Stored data
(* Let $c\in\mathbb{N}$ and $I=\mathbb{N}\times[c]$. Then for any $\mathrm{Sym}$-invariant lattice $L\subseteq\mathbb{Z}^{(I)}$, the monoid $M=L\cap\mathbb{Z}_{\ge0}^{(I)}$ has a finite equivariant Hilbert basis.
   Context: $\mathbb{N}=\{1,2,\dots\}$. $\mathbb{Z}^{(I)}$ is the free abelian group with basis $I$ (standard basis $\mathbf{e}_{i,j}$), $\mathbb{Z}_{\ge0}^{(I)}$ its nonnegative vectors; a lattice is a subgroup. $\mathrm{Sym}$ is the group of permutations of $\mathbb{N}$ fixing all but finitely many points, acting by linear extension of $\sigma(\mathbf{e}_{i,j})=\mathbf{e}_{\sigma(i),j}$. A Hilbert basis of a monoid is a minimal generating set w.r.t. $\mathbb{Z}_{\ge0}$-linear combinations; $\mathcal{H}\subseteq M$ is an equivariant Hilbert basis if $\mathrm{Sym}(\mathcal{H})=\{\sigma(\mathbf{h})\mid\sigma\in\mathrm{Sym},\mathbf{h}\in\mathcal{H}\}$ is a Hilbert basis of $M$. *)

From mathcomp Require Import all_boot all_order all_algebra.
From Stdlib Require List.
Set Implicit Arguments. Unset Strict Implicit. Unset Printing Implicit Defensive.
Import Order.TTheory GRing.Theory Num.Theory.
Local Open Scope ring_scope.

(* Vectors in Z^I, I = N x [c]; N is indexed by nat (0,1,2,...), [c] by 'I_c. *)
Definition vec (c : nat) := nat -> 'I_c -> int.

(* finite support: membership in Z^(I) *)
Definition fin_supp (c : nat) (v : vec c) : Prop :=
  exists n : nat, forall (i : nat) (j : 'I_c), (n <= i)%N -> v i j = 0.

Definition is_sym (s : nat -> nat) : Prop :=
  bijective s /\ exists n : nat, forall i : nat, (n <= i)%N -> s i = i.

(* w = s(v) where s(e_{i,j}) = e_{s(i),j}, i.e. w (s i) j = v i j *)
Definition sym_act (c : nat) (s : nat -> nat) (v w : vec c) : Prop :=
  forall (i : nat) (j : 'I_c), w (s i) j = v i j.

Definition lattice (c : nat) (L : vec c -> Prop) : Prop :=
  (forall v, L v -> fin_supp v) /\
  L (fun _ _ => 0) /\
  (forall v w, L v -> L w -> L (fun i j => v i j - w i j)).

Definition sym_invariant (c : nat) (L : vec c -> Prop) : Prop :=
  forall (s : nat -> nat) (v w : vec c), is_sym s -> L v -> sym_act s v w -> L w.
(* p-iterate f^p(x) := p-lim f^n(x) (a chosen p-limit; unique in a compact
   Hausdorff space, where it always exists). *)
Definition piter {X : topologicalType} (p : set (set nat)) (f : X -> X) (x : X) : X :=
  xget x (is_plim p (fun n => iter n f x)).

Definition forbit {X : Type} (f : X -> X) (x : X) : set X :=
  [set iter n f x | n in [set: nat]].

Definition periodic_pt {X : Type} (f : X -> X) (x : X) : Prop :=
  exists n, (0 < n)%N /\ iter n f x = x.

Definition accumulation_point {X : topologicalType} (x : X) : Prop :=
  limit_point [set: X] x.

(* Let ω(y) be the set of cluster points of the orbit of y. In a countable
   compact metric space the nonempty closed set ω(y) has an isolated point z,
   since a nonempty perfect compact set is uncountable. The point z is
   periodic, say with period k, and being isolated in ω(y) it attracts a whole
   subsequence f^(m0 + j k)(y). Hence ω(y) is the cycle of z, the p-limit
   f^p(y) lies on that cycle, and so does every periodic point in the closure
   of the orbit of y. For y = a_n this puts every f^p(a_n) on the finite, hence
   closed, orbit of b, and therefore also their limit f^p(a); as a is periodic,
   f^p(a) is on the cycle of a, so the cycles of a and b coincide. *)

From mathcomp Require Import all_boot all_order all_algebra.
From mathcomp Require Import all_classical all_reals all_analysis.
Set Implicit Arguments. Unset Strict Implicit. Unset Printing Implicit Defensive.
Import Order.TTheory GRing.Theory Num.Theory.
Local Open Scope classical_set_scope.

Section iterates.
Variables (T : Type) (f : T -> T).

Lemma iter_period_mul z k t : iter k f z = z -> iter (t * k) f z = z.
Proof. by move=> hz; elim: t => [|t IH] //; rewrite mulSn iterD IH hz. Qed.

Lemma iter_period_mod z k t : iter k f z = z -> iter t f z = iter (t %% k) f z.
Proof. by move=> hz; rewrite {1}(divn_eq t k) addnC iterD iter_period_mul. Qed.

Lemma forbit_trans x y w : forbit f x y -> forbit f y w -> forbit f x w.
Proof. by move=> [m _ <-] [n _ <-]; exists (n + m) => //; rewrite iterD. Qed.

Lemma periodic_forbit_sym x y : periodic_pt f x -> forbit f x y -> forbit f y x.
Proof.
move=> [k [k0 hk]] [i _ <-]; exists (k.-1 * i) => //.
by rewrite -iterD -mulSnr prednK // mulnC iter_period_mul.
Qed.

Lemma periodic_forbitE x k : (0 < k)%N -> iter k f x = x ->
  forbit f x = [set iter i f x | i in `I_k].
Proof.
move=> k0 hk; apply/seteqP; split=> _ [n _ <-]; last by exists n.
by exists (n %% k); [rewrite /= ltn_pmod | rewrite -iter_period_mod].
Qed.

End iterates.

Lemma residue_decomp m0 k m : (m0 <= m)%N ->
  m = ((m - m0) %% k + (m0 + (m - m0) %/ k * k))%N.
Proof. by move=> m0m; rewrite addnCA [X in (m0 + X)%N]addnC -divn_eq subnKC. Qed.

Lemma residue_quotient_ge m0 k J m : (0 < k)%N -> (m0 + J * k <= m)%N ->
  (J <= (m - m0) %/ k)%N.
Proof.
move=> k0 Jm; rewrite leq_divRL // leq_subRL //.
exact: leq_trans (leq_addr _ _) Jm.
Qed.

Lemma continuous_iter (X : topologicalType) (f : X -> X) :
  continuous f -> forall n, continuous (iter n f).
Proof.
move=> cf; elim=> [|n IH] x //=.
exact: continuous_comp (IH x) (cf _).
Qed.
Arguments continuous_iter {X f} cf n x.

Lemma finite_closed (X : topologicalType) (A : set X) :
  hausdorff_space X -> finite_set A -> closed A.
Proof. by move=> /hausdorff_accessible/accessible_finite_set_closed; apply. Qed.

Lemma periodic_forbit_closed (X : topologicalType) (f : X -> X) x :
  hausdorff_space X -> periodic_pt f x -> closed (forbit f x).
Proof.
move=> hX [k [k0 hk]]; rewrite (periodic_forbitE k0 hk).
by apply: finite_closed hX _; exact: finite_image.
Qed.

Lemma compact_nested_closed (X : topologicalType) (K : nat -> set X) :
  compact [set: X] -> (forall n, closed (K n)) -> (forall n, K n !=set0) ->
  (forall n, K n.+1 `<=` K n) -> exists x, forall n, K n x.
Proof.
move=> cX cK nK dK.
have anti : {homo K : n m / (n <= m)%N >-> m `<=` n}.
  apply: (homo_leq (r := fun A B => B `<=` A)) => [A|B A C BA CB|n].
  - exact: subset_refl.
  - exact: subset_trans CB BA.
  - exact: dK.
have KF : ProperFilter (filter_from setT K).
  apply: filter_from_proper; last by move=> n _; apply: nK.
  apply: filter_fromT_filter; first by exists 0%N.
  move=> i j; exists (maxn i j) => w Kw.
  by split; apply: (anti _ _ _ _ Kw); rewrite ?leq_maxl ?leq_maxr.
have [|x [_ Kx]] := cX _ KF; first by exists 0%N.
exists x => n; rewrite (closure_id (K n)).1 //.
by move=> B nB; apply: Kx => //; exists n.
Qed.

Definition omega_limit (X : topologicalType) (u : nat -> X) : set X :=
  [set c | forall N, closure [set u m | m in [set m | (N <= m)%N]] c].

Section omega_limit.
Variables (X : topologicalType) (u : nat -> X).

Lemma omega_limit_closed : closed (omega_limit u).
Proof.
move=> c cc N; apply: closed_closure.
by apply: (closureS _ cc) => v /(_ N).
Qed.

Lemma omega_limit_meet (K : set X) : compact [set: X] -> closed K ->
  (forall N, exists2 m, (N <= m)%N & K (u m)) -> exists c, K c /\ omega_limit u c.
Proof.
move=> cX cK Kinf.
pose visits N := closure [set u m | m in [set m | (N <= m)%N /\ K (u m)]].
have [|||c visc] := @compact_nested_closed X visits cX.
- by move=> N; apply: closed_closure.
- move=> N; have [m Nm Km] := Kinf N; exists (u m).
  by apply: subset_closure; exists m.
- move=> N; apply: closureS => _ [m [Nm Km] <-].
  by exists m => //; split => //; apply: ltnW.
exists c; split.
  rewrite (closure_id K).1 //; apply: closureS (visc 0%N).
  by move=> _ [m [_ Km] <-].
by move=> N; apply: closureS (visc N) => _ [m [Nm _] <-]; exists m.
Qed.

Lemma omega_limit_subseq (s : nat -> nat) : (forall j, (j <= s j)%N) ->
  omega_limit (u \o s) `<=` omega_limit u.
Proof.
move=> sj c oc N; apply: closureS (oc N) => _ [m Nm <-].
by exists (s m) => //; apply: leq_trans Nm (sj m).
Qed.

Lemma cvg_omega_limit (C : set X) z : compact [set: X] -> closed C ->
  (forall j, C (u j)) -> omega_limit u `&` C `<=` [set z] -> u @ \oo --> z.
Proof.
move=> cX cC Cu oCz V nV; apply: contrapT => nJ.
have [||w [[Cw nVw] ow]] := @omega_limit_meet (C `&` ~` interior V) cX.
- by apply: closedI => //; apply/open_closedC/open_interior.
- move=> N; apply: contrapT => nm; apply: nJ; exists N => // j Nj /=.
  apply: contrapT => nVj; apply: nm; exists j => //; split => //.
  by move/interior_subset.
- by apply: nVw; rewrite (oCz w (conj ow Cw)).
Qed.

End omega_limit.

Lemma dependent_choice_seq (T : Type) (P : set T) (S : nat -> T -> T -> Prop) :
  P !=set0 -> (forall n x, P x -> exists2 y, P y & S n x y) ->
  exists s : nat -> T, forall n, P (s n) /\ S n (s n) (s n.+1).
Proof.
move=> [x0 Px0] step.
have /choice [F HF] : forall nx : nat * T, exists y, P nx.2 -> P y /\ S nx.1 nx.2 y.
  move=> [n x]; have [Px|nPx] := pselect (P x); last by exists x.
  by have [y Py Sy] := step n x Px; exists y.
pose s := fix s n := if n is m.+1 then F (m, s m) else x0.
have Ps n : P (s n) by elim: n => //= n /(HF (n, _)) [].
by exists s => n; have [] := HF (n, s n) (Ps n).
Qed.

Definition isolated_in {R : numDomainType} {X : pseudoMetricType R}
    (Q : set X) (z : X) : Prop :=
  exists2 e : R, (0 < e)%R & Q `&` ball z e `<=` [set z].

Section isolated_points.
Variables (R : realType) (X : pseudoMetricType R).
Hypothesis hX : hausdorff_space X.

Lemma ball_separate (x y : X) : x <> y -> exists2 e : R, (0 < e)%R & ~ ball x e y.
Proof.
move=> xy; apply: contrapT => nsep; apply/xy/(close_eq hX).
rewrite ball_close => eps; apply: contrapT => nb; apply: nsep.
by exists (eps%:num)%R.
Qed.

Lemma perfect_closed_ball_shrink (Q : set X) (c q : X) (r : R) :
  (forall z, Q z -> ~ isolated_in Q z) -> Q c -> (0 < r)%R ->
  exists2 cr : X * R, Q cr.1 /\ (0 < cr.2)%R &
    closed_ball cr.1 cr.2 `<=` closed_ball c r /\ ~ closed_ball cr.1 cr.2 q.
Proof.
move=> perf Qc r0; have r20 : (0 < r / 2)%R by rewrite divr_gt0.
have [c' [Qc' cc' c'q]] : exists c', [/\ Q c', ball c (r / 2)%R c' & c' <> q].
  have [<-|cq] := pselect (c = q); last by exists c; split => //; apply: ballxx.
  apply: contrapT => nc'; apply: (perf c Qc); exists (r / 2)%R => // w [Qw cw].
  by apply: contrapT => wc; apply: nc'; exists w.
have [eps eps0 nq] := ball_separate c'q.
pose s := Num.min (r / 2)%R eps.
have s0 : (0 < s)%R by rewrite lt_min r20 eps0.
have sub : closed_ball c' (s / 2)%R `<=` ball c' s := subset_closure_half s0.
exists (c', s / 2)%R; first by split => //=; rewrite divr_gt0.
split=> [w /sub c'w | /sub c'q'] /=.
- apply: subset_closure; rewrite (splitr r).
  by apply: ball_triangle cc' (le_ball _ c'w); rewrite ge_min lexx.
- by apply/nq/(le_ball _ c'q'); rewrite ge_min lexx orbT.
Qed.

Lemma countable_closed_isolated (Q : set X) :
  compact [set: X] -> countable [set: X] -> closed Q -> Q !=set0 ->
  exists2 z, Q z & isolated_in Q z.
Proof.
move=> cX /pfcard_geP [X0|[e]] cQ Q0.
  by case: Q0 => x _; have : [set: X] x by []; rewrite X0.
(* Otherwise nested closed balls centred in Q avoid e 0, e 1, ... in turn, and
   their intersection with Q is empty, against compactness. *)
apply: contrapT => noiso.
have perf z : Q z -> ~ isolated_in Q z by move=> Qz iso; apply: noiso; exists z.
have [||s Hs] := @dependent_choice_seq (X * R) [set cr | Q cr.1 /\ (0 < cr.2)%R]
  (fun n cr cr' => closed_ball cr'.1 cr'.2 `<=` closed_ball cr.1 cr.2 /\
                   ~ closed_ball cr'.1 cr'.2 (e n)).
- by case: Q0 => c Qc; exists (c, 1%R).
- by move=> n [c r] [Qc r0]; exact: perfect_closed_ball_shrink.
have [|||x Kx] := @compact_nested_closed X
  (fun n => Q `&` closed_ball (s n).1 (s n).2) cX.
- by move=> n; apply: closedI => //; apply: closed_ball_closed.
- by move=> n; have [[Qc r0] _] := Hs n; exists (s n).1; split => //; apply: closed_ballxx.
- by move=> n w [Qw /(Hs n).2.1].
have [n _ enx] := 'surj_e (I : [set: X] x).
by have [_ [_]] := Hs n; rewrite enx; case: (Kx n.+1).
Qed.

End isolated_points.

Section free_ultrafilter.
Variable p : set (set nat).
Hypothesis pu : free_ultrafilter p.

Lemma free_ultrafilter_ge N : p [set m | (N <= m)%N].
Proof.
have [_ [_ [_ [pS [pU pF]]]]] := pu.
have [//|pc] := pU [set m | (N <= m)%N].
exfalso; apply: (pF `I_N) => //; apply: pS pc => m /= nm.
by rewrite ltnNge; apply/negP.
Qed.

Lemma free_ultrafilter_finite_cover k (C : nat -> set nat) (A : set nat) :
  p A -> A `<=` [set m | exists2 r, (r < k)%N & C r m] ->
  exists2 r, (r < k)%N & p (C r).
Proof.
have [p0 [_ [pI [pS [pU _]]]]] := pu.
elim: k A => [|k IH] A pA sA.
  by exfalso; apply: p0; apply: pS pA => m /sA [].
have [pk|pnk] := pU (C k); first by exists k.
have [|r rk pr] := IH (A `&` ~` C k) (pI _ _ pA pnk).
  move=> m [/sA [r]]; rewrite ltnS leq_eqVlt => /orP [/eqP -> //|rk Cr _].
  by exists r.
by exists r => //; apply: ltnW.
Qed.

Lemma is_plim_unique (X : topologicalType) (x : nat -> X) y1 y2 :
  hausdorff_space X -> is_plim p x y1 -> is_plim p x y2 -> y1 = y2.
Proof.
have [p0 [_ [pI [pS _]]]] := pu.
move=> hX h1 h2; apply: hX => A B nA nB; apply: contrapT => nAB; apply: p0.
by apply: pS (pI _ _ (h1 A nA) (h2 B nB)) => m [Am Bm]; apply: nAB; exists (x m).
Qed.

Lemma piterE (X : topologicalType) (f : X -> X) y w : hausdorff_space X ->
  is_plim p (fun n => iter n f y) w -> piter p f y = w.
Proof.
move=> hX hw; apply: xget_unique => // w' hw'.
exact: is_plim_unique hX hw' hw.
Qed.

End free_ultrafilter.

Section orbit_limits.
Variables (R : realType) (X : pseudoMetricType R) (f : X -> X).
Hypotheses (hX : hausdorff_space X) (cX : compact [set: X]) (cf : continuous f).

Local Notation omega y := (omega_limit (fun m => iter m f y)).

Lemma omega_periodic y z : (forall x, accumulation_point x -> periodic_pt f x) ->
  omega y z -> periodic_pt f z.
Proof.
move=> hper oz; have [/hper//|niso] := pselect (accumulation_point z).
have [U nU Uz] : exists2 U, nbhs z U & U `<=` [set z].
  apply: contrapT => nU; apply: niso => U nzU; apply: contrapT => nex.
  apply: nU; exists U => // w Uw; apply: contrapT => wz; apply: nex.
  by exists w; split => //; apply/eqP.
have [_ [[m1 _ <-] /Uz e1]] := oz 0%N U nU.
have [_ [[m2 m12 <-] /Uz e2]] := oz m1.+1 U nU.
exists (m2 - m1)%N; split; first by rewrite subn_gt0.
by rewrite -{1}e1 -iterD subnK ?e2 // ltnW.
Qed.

◆ **TASK TO COMPLETE**
In the entries above, find each line with the word "pose" and show it.

◆ **FINAL ANSWER**
pose visits N := closure [set u m | m in [set m | (N <= m)%N /\ K (u m)]].
pose s := fix s n := if n is m.+1 then F (m, s m) else x0.
pose s := Num.min (r / 2)%R eps.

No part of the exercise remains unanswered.